Here are the speeches from yesterday’s Digital Rights Forum in Dublin, a stirring and exciting debate on the controversial statutory instrument, featuring Innovation Minister Sean Sherlock, TD.
The signing of the statutory instrument amending the Copyright Act 2000 giving judges the power to grant injunctions against ISPs in cases of alleged copyright infringement is viewed by many in the internet industry as a retrograde step.
The common view is that the Government of Ireland failed to understand the technological issues, buckled under legal pressure from the music recording industry and signed into law a statutory instrument that is as vague as it is dangerous.
Intermediaries and ISPs warn that the instrument could damage the thriving internet sector in Ireland and threaten investment by internet giants like Google, Facebook and Twitter, not to mention the hopes of the indigenous digital media sector.
However, the debate in Ireland, which coincided with the SOPA controversy in the US, where politicians and lawmakers scrapped the law to allow for real reflection, is one facet of a global chain of events ranging from the arrival of ACTA to the enshrining of the internet as a human right by the European Court of Justice.
Sherlock’s presence at the debate is perhaps unique in this whole battle because few members of government anywhere in the world have provided such a level of access to the public on the debate.
Sherlock spoke of how the statutory instrument is one facet of an overall strategy leading to the ongoing Copyright Review he believes could put Ireland in the lead in terms of digital innovation, boosting the efforts of innovators and protecting the income of rightsholders.
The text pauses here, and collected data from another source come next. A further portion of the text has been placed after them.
(* Write q(G) = |E| + ω(G), so that the lower bound reads sr + 2α + 2q >= 4|V|,
   with slack [lower_gap]. Deleting a vertex v lowers q by at least 1, and by at
   least 2 when v lies on a cycle, because the neighbours of v then meet at most
   deg v - 1 components of G - v. Deleting an isolated vertex also lowers α by 1;
   deleting a pendant vertex y together with its neighbour x lowers sr by 2 (the
   entries s_yx and s_xy are pivots of the skew-adjacency matrix), α by 1 and q
   by 2. So none of these deletions increases the slack, and since a graph of
   minimum degree 2 has a cycle, induction on |V| proves the bound. For a
   lower-optimal G the slack of G - y - x is therefore 0; if x were on a cycle,
   q would drop by 3 and the slack would become negative. *)

From Pilot Require Import Defs.
From mathcomp Require Import all_boot all_order all_algebra zify.
(* [path] also defines an [arc], which hides the one of [Defs]. *)
Import Defs.
Import Order.TTheory GRing.Theory.
Set Implicit Arguments. Unset Strict Implicit. Unset Printing Implicit Defensive.

Section Matrices.
Local Open Scope ring_scope.
Variable F : fieldType.

Lemma mxrank_mxsub m n m' n' (f : 'I_m' -> 'I_m) (g : 'I_n' -> 'I_n)
    (A : 'M[F]_(m, n)) :
  (\rank (mxsub f g A) <= \rank A)%N.
Proof.
rewrite -[A in mxsub _ _ A]mulmx1 mxsub_mul rowsubE.
exact: leq_trans (mxrankM_maxl _ _) (mxrankM_maxr _ _).
Qed.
Paul Durrant of the ISP Association of Ireland (ISPAI) spoke about how dangerously vague the statutory instrument is and how we need to provide greater certainty in this country not only to ISPs but also the multinationals investing here.
Boards.ie founder Tom Murphy spoke of the dangers of the statutory instrument from the perspective of innovation and freedom of speech and the legal pressure it could exert on publishers and intermediaries.